(Saved data entries)
========================

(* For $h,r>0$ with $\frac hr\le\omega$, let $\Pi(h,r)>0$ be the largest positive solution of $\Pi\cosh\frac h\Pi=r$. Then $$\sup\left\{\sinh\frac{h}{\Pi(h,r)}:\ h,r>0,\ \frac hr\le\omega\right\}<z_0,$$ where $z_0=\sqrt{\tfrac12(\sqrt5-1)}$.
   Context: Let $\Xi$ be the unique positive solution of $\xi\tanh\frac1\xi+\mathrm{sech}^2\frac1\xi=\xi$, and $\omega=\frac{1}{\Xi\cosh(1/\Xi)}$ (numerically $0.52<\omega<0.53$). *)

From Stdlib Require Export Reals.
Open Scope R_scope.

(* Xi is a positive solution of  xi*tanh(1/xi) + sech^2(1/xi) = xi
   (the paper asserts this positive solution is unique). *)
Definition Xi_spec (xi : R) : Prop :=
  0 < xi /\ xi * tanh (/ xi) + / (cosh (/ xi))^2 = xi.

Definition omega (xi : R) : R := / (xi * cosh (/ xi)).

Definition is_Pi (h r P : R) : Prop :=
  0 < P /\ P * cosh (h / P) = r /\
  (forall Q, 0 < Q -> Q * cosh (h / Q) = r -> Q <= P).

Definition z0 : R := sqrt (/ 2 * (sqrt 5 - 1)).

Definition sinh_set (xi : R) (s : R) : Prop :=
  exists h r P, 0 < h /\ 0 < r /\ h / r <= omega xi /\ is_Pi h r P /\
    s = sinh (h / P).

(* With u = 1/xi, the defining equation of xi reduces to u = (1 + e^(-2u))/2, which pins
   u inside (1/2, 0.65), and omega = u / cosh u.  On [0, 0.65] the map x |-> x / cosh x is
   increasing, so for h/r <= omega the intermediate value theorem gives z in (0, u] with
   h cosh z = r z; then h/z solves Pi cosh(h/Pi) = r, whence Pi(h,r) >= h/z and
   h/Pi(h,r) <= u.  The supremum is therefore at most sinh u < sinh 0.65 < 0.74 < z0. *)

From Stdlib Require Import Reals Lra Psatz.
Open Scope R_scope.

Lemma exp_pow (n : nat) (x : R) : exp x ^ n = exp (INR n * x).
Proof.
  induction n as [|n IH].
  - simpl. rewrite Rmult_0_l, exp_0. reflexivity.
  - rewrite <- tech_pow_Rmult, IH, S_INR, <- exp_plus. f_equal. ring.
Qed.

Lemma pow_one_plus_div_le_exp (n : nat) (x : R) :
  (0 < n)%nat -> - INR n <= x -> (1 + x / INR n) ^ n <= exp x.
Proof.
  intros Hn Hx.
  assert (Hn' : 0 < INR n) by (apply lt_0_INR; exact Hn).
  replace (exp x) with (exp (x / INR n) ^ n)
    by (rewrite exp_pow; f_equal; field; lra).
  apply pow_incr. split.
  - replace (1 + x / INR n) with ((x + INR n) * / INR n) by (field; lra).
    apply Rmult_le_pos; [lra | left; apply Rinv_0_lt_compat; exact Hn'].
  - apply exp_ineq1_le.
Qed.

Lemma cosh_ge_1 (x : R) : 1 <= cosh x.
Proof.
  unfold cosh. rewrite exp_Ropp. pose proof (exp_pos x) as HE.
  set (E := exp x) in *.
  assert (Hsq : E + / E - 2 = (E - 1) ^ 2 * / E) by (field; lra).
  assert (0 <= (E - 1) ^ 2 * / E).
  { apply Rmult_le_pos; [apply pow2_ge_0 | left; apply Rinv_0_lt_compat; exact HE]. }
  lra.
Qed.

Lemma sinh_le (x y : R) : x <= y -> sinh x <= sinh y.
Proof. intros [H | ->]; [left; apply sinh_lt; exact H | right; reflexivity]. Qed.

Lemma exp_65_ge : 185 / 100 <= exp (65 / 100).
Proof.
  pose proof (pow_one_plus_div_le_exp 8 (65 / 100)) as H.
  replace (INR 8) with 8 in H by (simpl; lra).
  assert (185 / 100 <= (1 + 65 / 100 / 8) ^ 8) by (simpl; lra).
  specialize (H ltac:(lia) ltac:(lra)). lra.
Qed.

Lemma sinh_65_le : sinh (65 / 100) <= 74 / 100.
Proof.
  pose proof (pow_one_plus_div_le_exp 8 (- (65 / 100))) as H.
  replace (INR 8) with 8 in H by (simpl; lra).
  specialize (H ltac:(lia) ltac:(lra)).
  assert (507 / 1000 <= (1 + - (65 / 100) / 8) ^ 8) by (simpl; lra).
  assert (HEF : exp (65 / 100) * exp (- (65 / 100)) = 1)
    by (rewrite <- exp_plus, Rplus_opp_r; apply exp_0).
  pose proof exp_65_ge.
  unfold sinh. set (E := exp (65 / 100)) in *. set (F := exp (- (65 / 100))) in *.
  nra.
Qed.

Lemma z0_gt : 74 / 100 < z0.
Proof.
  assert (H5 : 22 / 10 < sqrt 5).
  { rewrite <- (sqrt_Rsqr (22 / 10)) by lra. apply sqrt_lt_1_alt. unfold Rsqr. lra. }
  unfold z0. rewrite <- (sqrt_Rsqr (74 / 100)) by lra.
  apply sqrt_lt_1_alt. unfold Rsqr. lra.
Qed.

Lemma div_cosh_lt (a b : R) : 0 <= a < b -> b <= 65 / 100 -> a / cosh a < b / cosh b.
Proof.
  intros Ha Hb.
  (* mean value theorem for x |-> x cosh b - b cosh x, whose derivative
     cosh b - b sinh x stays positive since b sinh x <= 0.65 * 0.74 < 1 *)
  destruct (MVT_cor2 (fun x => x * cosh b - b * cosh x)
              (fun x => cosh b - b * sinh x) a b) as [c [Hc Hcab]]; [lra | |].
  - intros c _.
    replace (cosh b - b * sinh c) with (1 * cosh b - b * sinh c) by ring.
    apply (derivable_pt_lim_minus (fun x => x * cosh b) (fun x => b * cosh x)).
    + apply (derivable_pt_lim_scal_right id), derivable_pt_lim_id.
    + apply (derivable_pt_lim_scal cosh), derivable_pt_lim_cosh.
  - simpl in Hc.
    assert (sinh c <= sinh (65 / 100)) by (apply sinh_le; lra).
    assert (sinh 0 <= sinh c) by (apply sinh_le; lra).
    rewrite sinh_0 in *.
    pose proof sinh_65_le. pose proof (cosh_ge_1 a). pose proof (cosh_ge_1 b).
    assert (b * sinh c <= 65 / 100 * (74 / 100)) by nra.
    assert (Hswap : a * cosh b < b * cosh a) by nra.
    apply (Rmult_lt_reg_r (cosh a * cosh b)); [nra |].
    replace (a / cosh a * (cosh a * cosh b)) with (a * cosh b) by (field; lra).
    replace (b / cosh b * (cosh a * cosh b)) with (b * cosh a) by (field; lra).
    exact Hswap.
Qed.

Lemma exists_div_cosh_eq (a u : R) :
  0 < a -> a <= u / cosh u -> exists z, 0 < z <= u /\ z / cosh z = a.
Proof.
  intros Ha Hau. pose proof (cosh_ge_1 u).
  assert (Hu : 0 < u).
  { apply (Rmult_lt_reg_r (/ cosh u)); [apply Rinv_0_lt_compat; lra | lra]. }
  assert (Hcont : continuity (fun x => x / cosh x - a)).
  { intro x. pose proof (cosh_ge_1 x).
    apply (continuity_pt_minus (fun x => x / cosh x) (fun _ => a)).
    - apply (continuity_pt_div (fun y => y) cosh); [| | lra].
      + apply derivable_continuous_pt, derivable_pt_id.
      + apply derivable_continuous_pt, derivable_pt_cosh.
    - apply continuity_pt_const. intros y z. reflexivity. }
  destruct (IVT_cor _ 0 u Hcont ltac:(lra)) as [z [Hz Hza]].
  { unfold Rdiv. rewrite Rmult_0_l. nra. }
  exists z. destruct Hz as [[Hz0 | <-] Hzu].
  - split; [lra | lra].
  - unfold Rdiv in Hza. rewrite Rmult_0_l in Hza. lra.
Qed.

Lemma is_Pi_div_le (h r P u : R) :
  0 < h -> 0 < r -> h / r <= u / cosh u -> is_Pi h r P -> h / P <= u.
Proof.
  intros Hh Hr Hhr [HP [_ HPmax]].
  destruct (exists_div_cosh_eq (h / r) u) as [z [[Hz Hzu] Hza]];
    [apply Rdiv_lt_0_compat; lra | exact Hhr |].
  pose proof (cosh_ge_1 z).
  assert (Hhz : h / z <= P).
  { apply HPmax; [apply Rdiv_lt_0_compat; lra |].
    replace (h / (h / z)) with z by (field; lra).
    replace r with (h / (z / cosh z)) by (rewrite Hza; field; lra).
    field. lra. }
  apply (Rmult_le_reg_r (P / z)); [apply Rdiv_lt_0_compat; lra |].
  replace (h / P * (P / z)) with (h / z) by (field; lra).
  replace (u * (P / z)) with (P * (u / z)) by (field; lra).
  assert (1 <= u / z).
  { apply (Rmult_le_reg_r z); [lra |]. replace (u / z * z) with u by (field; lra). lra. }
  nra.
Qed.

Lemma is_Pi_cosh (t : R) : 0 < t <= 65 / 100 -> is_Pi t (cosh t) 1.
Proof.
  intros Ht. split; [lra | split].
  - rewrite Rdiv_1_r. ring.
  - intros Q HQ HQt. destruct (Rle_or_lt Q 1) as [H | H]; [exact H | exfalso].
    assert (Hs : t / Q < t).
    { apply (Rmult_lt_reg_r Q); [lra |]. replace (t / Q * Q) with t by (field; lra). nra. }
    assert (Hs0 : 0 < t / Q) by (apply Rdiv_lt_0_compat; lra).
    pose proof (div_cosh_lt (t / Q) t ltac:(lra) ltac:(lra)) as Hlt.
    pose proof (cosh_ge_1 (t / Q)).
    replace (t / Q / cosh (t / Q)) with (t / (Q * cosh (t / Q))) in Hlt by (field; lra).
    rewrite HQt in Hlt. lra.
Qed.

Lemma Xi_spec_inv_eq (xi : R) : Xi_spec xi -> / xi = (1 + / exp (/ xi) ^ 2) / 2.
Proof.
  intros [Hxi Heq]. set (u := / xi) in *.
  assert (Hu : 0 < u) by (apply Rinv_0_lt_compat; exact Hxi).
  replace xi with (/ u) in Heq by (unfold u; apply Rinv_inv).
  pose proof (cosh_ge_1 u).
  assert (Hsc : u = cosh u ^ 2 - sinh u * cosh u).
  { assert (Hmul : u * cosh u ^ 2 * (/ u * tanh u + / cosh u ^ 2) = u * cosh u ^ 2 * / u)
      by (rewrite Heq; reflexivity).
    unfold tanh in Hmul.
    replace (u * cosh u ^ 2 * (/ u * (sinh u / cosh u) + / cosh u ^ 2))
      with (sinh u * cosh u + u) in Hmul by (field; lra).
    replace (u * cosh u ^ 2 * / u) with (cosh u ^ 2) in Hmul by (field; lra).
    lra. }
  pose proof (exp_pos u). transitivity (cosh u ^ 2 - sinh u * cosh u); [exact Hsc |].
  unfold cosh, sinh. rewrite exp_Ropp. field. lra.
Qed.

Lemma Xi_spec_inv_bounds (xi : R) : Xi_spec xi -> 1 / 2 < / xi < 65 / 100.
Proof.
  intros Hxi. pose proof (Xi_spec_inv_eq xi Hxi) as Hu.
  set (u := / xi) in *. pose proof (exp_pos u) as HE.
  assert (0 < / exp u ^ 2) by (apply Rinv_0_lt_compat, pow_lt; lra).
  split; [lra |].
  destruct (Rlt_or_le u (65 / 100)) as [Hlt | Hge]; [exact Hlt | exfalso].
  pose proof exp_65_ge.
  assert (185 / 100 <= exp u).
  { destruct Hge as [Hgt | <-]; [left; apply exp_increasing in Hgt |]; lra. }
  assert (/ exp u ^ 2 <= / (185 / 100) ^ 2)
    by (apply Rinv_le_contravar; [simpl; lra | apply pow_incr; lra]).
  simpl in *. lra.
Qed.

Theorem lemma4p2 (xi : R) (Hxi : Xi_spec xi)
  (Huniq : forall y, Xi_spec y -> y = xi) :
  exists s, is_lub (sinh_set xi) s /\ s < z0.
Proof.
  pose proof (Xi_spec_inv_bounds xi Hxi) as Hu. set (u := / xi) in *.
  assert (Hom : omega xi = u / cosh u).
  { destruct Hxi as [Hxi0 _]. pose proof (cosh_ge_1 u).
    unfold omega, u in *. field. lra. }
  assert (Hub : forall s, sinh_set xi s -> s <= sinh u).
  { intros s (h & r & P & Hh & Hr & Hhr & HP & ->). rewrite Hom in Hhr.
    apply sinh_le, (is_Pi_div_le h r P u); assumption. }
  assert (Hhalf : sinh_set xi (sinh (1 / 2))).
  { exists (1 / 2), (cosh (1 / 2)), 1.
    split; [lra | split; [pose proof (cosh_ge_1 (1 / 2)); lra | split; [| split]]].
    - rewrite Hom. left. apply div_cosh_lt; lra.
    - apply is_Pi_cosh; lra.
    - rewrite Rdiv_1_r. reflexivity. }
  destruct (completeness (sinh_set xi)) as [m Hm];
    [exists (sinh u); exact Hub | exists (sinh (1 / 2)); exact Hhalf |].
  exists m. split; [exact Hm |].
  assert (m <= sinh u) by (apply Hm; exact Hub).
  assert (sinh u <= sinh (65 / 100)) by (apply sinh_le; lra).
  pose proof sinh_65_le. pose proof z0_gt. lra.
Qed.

========================

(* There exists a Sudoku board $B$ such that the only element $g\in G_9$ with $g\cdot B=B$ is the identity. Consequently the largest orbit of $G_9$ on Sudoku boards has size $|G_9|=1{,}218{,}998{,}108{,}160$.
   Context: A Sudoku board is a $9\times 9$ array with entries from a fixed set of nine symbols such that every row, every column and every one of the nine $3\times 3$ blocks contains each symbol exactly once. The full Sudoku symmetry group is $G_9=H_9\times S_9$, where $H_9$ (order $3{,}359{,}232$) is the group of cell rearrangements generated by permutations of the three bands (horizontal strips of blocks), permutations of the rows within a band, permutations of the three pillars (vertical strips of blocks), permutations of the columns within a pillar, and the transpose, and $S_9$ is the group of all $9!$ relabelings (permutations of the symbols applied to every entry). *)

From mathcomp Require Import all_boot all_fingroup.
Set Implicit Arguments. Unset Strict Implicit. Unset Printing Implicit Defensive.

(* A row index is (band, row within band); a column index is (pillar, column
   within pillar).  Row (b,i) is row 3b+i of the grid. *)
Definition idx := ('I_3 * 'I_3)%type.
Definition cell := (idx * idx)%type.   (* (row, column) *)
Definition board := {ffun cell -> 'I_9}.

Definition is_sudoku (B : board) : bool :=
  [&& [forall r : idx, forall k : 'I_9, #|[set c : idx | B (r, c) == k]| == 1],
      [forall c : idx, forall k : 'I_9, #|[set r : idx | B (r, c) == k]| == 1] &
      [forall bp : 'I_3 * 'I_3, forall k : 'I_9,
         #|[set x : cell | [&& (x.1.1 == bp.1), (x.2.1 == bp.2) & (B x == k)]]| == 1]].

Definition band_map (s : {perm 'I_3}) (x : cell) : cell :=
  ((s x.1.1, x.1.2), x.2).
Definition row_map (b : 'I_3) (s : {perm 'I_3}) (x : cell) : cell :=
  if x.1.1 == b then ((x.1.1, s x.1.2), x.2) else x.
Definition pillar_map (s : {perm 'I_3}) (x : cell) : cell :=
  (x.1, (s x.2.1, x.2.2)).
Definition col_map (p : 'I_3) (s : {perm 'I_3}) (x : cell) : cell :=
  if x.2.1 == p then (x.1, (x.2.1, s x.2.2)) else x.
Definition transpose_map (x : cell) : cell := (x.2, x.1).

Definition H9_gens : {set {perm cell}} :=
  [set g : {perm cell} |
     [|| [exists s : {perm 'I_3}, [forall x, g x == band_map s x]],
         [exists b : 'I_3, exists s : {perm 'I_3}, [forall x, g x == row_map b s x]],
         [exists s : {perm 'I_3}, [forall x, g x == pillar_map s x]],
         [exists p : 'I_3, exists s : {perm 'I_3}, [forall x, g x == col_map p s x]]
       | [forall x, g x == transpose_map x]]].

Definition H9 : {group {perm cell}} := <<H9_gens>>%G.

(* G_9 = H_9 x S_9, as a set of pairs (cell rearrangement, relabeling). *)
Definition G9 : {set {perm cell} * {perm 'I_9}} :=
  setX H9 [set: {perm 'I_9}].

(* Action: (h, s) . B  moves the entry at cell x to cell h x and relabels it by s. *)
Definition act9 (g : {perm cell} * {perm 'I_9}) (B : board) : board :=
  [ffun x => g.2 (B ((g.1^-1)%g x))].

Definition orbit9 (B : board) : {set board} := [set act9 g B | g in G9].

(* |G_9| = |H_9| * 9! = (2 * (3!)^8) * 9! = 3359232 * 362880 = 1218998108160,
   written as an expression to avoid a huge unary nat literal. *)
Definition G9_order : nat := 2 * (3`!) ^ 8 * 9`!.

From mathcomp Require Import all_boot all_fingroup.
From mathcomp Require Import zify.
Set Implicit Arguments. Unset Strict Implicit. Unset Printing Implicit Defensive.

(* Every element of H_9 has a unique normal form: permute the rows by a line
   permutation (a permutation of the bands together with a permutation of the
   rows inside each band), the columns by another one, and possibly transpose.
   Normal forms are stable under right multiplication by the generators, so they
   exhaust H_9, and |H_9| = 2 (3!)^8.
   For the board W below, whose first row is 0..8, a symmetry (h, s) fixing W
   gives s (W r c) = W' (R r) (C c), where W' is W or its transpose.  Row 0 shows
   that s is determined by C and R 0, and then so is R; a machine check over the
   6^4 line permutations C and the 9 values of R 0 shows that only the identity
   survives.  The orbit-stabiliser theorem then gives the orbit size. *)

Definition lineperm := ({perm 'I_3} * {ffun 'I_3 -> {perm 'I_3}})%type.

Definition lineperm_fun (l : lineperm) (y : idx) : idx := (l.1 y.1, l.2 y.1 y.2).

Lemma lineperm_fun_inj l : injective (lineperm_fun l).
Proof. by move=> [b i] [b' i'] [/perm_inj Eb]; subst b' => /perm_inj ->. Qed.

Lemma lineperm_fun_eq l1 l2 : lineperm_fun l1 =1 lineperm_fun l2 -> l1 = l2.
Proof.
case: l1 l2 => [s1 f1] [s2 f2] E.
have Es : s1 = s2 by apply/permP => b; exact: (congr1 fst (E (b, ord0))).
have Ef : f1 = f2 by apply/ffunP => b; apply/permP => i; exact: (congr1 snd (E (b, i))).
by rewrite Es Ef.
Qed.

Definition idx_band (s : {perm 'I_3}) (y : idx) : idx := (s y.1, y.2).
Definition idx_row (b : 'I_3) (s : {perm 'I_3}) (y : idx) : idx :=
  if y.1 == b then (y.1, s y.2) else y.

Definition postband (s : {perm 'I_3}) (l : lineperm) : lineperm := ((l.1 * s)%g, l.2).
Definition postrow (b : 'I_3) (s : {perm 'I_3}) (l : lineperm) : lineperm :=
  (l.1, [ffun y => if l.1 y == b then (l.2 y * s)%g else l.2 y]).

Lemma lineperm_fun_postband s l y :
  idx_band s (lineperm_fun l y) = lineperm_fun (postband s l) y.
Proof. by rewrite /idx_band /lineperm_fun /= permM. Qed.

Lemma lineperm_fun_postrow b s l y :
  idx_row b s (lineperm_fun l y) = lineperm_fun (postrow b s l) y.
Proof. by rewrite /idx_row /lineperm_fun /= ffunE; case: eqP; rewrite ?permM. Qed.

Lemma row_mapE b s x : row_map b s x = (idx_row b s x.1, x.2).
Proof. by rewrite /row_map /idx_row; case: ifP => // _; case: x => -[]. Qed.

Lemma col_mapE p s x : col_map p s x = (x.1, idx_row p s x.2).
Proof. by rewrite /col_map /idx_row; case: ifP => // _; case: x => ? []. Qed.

========================

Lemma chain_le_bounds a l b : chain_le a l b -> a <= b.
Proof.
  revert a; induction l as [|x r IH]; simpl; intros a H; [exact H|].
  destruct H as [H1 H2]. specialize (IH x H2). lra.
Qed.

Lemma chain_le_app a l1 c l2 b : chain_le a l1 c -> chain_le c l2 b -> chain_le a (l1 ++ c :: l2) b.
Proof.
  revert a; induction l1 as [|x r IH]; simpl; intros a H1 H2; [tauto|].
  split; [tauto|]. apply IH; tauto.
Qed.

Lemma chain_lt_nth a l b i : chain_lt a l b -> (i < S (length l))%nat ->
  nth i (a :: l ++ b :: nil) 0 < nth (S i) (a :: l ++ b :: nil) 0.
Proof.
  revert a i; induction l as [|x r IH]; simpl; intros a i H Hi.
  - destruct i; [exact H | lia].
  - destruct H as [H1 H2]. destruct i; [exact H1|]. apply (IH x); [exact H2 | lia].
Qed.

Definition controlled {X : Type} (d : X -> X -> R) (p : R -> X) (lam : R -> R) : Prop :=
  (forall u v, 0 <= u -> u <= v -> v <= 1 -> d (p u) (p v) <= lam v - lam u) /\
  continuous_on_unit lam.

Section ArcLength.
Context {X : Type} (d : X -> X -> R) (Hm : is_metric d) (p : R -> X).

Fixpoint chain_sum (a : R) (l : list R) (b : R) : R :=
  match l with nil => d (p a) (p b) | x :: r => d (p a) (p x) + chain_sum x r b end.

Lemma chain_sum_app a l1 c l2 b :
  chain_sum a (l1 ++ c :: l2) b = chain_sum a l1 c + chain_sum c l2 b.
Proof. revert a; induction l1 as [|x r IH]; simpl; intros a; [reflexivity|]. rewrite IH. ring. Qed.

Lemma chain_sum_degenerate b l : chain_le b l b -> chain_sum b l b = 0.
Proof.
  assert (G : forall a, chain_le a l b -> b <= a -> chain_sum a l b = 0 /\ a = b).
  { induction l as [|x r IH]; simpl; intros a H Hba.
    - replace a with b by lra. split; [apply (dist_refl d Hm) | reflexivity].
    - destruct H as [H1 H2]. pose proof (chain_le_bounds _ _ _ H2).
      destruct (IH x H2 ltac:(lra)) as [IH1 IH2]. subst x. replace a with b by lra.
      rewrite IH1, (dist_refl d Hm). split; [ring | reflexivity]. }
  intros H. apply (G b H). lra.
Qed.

========================

§ **Work to be completed**
When a line in the data contains the string "revert", copy that line.

§ **Answer to the exercise**
  revert a; induction l as [|x r IH]; simpl; intros a H; [exact H|].
  revert a; induction l1 as [|x r IH]; simpl; intros a H1 H2; [tauto|].
  revert a i; induction l as [|x r IH]; simpl; intros a i H Hi.
Proof. revert a; induction l1 as [|x r IH]; simpl; intros a; [reflexivity|]. rewrite IH. ring. Qed.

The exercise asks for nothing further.